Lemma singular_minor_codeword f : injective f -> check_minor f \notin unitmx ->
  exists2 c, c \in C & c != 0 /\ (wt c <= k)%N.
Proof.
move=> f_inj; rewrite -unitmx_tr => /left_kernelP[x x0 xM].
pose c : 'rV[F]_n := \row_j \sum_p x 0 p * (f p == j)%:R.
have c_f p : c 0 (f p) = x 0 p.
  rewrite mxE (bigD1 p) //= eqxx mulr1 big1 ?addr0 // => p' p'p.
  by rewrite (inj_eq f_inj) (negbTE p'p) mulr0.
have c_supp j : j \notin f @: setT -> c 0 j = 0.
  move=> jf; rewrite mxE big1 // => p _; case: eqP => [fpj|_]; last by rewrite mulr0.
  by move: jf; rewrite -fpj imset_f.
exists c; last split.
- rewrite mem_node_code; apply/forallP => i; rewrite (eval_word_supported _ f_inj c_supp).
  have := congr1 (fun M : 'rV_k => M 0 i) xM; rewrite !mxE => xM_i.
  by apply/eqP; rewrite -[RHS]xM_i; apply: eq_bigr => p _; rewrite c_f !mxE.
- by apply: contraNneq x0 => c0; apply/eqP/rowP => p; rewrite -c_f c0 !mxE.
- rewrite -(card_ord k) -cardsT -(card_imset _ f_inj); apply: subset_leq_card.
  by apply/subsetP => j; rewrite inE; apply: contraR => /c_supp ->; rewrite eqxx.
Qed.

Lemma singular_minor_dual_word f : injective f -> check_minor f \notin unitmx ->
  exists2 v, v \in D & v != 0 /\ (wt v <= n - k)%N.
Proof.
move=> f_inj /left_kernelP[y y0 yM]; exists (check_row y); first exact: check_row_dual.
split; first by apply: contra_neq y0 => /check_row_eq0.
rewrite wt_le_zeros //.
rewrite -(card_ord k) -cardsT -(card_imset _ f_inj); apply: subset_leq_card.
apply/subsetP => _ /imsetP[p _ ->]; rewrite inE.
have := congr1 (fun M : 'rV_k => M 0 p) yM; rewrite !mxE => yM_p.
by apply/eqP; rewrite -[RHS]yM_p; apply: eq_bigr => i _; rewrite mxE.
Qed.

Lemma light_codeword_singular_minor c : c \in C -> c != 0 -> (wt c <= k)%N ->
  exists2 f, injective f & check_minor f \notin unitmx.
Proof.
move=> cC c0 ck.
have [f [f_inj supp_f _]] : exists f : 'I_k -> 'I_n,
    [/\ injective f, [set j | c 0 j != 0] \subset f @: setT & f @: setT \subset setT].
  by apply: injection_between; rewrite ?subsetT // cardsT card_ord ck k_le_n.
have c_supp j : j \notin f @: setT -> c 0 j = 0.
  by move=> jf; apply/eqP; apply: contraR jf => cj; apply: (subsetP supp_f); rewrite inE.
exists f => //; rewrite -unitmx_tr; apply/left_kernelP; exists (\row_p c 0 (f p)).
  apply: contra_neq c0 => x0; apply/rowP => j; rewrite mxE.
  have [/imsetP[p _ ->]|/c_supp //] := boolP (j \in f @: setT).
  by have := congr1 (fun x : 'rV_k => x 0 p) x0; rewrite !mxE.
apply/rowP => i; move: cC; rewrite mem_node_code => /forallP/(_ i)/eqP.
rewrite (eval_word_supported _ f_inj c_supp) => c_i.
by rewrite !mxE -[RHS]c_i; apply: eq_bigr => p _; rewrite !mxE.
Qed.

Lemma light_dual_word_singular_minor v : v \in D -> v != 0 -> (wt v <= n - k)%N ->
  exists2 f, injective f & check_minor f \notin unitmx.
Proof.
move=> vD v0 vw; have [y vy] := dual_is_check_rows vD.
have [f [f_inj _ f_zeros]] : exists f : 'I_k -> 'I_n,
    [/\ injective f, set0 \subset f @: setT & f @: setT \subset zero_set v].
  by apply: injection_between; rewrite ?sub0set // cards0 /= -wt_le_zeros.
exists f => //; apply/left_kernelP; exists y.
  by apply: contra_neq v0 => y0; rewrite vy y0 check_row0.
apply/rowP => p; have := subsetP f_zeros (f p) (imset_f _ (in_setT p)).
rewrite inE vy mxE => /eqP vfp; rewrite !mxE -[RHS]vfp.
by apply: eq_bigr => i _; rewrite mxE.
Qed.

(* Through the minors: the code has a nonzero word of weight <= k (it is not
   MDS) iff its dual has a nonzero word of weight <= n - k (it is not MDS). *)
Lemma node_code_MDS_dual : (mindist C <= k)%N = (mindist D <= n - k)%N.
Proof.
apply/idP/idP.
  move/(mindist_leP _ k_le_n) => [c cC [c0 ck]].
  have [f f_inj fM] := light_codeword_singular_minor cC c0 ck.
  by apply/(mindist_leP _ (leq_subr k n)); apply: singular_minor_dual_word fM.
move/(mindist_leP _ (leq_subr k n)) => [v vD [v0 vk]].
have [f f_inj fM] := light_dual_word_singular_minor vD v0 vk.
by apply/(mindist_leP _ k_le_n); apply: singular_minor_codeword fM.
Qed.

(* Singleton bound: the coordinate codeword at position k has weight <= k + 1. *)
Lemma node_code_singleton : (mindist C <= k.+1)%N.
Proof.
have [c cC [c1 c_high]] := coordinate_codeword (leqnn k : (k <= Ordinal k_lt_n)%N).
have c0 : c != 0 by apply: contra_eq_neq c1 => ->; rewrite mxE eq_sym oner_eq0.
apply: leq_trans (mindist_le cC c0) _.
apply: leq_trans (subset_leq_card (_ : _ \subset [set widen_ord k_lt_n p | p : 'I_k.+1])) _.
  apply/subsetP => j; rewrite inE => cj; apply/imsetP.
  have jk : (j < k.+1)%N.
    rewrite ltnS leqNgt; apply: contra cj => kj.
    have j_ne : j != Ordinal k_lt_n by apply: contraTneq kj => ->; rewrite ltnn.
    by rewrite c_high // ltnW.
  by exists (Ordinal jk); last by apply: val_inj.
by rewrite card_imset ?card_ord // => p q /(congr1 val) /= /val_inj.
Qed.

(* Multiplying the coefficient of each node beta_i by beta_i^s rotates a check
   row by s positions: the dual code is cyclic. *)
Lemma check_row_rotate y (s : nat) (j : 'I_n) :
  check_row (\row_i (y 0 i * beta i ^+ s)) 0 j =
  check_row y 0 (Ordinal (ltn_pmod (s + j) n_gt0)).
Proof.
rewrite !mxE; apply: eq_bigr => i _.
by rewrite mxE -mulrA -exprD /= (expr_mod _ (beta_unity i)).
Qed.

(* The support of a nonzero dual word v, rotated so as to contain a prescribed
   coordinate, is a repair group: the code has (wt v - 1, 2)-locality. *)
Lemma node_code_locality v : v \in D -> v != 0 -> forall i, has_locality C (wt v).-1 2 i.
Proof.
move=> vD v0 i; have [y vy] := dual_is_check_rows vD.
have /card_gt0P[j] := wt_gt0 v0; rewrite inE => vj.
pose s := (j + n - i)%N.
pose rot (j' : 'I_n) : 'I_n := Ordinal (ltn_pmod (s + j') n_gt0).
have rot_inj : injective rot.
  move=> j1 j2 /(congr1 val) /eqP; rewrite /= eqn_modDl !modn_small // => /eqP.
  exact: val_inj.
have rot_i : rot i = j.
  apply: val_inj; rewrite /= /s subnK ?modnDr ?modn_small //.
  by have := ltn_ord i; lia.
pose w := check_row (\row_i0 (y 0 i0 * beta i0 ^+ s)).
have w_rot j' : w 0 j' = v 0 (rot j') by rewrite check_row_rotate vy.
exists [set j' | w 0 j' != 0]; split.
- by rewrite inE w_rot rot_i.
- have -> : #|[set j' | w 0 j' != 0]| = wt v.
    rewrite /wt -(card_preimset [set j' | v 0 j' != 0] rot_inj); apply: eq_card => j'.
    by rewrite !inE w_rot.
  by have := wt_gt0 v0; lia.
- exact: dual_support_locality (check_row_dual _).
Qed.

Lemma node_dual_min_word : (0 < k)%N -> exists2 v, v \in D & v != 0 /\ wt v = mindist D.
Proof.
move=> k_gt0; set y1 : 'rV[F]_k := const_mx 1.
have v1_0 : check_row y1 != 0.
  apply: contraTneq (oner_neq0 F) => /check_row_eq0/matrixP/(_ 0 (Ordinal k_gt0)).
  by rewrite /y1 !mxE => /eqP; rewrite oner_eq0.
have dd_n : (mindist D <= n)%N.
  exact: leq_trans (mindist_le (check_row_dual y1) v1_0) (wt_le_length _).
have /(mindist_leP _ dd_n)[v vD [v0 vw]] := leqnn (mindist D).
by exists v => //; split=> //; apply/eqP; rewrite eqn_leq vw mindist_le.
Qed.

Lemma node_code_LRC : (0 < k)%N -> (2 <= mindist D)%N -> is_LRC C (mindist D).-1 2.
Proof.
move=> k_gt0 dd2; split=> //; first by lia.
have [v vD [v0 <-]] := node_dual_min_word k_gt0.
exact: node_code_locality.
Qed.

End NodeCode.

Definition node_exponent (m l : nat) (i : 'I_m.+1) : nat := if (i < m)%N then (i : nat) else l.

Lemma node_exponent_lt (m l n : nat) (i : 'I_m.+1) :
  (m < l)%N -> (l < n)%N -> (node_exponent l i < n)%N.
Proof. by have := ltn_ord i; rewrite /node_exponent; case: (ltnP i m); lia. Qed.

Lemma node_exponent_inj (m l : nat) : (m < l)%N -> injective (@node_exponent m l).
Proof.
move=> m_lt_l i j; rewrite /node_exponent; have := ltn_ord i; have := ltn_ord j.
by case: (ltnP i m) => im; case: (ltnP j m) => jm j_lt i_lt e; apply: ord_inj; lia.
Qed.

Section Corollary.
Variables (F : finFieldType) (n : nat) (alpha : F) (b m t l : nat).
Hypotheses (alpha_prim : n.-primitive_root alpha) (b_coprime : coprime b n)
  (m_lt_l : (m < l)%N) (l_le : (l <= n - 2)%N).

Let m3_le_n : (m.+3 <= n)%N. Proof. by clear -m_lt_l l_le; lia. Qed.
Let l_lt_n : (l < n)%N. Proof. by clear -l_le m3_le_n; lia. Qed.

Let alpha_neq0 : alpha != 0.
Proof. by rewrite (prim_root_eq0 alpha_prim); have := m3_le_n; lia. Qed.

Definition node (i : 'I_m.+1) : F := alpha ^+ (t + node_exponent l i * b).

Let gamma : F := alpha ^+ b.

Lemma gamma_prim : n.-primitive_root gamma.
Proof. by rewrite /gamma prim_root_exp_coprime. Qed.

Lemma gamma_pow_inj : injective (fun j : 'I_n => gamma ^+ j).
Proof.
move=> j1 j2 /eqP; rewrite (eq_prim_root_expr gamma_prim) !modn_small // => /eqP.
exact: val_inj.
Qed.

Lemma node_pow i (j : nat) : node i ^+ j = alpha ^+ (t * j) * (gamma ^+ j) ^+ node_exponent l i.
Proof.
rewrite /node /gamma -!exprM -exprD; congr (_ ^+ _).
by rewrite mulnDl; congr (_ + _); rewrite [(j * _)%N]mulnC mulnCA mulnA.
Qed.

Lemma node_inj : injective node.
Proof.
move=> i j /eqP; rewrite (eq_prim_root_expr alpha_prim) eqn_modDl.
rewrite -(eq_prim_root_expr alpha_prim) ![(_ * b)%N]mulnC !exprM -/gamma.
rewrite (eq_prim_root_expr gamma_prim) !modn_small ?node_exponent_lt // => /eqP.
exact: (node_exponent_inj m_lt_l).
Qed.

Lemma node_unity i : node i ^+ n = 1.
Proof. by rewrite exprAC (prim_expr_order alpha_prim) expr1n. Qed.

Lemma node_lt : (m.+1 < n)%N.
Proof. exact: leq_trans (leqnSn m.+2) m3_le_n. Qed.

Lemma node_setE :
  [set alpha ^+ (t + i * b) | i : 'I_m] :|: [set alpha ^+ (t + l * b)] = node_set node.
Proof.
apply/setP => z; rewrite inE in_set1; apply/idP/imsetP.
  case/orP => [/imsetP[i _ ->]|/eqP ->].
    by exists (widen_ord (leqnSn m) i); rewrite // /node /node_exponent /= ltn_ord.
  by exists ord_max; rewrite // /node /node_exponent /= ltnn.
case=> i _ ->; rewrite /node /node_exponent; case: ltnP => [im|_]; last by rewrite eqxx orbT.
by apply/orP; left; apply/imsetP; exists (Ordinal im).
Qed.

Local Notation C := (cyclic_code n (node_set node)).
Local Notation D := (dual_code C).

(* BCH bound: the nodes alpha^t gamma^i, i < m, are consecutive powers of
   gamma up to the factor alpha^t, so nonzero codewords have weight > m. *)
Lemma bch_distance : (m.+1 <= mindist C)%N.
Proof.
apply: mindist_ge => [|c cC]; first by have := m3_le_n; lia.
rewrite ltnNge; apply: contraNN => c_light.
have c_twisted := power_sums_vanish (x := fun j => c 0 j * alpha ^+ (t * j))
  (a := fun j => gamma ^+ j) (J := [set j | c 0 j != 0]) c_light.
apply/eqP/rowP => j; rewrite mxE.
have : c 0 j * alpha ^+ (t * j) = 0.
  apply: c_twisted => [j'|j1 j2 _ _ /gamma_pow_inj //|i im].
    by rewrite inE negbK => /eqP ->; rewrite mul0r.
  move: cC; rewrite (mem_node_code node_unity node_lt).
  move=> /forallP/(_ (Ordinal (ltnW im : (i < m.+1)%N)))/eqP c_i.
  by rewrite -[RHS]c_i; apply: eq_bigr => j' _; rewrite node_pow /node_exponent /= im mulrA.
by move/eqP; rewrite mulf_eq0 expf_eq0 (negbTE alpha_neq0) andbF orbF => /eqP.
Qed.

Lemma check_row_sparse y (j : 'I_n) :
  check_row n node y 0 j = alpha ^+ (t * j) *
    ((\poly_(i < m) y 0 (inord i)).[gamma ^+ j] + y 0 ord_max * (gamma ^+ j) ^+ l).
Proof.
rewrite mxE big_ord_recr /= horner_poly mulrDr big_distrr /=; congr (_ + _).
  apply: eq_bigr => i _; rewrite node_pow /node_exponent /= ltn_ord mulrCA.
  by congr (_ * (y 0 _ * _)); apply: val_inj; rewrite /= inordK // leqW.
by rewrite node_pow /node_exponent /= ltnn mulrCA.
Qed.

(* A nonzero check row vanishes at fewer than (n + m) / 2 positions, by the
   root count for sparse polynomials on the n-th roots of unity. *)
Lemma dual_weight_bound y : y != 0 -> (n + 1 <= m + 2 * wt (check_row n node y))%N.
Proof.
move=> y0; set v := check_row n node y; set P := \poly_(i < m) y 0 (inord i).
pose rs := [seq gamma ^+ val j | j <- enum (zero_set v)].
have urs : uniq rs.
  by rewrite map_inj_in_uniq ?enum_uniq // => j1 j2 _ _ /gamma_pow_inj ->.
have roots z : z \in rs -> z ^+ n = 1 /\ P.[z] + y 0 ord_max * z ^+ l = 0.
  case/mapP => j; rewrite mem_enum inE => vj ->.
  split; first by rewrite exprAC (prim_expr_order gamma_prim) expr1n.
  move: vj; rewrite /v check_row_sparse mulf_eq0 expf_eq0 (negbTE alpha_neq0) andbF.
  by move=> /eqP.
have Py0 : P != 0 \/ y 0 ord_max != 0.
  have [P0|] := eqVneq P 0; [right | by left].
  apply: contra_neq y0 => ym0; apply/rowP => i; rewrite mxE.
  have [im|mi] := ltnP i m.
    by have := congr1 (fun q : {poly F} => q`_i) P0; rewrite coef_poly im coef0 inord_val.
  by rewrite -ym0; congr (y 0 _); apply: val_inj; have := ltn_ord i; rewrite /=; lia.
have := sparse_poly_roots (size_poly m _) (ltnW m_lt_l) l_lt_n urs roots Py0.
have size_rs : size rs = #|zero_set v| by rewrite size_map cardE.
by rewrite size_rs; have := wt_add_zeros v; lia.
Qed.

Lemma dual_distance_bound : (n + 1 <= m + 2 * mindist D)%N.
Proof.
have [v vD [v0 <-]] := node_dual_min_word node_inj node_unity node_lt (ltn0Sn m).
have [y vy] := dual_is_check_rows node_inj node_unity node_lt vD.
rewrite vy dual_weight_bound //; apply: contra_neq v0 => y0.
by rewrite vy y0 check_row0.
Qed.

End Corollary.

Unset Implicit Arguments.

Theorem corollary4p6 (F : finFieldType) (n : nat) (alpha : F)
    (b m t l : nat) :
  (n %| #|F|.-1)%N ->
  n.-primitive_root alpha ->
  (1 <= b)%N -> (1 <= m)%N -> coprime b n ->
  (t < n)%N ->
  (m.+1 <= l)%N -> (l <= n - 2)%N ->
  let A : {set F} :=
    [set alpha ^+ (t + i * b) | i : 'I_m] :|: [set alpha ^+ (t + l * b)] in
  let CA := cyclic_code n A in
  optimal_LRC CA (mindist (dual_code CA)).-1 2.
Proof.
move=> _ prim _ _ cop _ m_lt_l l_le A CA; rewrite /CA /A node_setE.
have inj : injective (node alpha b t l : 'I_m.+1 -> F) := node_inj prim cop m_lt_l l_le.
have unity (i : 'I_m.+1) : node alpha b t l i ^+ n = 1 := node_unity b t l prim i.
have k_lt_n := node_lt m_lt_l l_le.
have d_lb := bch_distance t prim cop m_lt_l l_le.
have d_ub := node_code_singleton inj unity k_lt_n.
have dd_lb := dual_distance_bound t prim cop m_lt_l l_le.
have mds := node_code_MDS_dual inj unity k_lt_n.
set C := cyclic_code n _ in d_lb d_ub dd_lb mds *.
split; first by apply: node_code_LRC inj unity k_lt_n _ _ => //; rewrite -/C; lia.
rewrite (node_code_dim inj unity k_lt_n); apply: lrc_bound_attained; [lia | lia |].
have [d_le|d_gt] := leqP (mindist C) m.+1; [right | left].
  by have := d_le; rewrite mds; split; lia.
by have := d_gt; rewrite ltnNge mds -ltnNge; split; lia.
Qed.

- - -

● **About this task**
Find out how many lines in the entries above hold "Notation", then reply with that figure and nothing else.

● **Result for this task**
2